### Collected data
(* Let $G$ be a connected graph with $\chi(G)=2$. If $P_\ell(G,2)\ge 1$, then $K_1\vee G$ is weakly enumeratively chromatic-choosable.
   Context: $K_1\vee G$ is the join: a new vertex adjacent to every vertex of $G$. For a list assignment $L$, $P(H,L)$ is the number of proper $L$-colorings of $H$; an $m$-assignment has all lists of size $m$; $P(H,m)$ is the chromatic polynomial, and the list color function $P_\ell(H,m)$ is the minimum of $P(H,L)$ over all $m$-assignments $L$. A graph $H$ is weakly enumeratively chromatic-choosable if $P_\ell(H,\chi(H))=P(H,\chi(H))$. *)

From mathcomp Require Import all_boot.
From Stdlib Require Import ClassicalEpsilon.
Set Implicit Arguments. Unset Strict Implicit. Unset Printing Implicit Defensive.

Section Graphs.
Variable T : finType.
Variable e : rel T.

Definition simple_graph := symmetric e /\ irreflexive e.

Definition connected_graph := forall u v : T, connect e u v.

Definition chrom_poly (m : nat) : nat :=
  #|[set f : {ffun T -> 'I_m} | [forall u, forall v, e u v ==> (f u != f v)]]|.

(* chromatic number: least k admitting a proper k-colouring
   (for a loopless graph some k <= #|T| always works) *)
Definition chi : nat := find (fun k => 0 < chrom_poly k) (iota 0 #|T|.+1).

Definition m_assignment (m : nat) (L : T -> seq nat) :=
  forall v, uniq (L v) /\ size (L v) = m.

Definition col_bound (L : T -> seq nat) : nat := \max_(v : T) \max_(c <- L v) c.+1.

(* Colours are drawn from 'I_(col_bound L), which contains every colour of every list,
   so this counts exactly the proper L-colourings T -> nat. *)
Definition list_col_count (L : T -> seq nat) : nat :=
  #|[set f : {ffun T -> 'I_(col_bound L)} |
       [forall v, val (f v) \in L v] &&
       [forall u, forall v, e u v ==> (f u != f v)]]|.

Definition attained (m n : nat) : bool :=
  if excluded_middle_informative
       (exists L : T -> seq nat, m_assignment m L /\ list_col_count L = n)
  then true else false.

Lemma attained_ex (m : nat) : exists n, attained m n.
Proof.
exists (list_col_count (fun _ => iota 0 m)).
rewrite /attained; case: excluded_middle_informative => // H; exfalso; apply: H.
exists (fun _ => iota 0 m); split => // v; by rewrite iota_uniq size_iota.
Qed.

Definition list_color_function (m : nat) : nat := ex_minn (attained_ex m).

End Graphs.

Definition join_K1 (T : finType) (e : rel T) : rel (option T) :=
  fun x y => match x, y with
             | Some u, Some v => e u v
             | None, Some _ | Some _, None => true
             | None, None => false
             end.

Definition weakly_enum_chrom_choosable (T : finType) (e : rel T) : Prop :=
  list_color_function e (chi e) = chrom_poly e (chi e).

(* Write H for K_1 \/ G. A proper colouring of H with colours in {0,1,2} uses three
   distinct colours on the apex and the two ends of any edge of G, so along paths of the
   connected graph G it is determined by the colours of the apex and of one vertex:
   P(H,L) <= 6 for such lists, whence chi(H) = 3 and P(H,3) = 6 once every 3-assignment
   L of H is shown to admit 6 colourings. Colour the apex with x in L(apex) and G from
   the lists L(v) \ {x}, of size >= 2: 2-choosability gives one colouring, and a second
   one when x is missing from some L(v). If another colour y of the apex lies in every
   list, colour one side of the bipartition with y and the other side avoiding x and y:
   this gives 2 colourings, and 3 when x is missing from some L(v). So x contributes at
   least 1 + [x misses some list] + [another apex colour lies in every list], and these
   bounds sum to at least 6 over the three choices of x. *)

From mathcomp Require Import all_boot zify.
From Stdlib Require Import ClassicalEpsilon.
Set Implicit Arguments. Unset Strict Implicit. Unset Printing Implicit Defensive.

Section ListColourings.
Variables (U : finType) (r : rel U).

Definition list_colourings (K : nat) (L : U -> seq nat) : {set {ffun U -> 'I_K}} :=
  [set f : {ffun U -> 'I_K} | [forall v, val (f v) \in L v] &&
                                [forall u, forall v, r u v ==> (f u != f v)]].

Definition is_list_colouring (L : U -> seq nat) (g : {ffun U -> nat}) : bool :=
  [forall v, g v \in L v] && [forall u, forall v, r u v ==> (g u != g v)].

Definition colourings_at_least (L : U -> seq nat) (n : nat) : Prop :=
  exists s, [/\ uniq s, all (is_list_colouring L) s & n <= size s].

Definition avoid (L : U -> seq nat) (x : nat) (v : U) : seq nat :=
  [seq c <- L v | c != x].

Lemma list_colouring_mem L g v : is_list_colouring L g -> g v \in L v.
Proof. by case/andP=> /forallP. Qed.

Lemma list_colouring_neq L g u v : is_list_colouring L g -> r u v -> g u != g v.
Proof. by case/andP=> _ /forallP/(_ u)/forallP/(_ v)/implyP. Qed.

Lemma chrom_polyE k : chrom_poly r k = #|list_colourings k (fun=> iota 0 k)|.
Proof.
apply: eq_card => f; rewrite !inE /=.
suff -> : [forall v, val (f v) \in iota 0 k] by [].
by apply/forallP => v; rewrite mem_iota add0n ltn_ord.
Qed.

### Problem description
Set down all the entries again, word for word.

### Solution to this problem
(* Let $G$ be a connected graph with $\chi(G)=2$. If $P_\ell(G,2)\ge 1$, then $K_1\vee G$ is weakly enumeratively chromatic-choosable.
   Context: $K_1\vee G$ is the join: a new vertex adjacent to every vertex of $G$. For a list assignment $L$, $P(H,L)$ is the number of proper $L$-colorings of $H$; an $m$-assignment has all lists of size $m$; $P(H,m)$ is the chromatic polynomial, and the list color function $P_\ell(H,m)$ is the minimum of $P(H,L)$ over all $m$-assignments $L$. A graph $H$ is weakly enumeratively chromatic-choosable if $P_\ell(H,\chi(H))=P(H,\chi(H))$. *)

From mathcomp Require Import all_boot.
From Stdlib Require Import ClassicalEpsilon.
Set Implicit Arguments. Unset Strict Implicit. Unset Printing Implicit Defensive.

Section Graphs.
Variable T : finType.
Variable e : rel T.

Definition simple_graph := symmetric e /\ irreflexive e.

Definition connected_graph := forall u v : T, connect e u v.

Definition chrom_poly (m : nat) : nat :=
  #|[set f : {ffun T -> 'I_m} | [forall u, forall v, e u v ==> (f u != f v)]]|.

(* chromatic number: least k admitting a proper k-colouring
   (for a loopless graph some k <= #|T| always works) *)
Definition chi : nat := find (fun k => 0 < chrom_poly k) (iota 0 #|T|.+1).

Definition m_assignment (m : nat) (L : T -> seq nat) :=
  forall v, uniq (L v) /\ size (L v) = m.

Definition col_bound (L : T -> seq nat) : nat := \max_(v : T) \max_(c <- L v) c.+1.

(* Colours are drawn from 'I_(col_bound L), which contains every colour of every list,
   so this counts exactly the proper L-colourings T -> nat. *)
Definition list_col_count (L : T -> seq nat) : nat :=
  #|[set f : {ffun T -> 'I_(col_bound L)} |
       [forall v, val (f v) \in L v] &&
       [forall u, forall v, e u v ==> (f u != f v)]]|.

Definition attained (m n : nat) : bool :=
  if excluded_middle_informative
       (exists L : T -> seq nat, m_assignment m L /\ list_col_count L = n)
  then true else false.

Lemma attained_ex (m : nat) : exists n, attained m n.
Proof.
exists (list_col_count (fun _ => iota 0 m)).
rewrite /attained; case: excluded_middle_informative => // H; exfalso; apply: H.
exists (fun _ => iota 0 m); split => // v; by rewrite iota_uniq size_iota.
Qed.

Definition list_color_function (m : nat) : nat := ex_minn (attained_ex m).

End Graphs.

Definition join_K1 (T : finType) (e : rel T) : rel (option T) :=
  fun x y => match x, y with
             | Some u, Some v => e u v
             | None, Some _ | Some _, None => true
             | None, None => false
             end.

Definition weakly_enum_chrom_choosable (T : finType) (e : rel T) : Prop :=
  list_color_function e (chi e) = chrom_poly e (chi e).

(* Write H for K_1 \/ G. A proper colouring of H with colours in {0,1,2} uses three
   distinct colours on the apex and the two ends of any edge of G, so along paths of the
   connected graph G it is determined by the colours of the apex and of one vertex:
   P(H,L) <= 6 for such lists, whence chi(H) = 3 and P(H,3) = 6 once every 3-assignment
   L of H is shown to admit 6 colourings. Colour the apex with x in L(apex) and G from
   the lists L(v) \ {x}, of size >= 2: 2-choosability gives one colouring, and a second
   one when x is missing from some L(v). If another colour y of the apex lies in every
   list, colour one side of the bipartition with y and the other side avoiding x and y:
   this gives 2 colourings, and 3 when x is missing from some L(v). So x contributes at
   least 1 + [x misses some list] + [another apex colour lies in every list], and these
   bounds sum to at least 6 over the three choices of x. *)

From mathcomp Require Import all_boot zify.
From Stdlib Require Import ClassicalEpsilon.
Set Implicit Arguments. Unset Strict Implicit. Unset Printing Implicit Defensive.

Section ListColourings.
Variables (U : finType) (r : rel U).

Definition list_colourings (K : nat) (L : U -> seq nat) : {set {ffun U -> 'I_K}} :=
  [set f : {ffun U -> 'I_K} | [forall v, val (f v) \in L v] &&
                                [forall u, forall v, r u v ==> (f u != f v)]].

Definition is_list_colouring (L : U -> seq nat) (g : {ffun U -> nat}) : bool :=
  [forall v, g v \in L v] && [forall u, forall v, r u v ==> (g u != g v)].

Definition colourings_at_least (L : U -> seq nat) (n : nat) : Prop :=
  exists s, [/\ uniq s, all (is_list_colouring L) s & n <= size s].

Definition avoid (L : U -> seq nat) (x : nat) (v : U) : seq nat :=
  [seq c <- L v | c != x].

Lemma list_colouring_mem L g v : is_list_colouring L g -> g v \in L v.
Proof. by case/andP=> /forallP. Qed.

Lemma list_colouring_neq L g u v : is_list_colouring L g -> r u v -> g u != g v.
Proof. by case/andP=> _ /forallP/(_ u)/forallP/(_ v)/implyP. Qed.

Lemma chrom_polyE k : chrom_poly r k = #|list_colourings k (fun=> iota 0 k)|.
Proof.
apply: eq_card => f; rewrite !inE /=.
suff -> : [forall v, val (f v) \in iota 0 k] by [].
by apply/forallP => v; rewrite mem_iota add0n ltn_ord.
Qed.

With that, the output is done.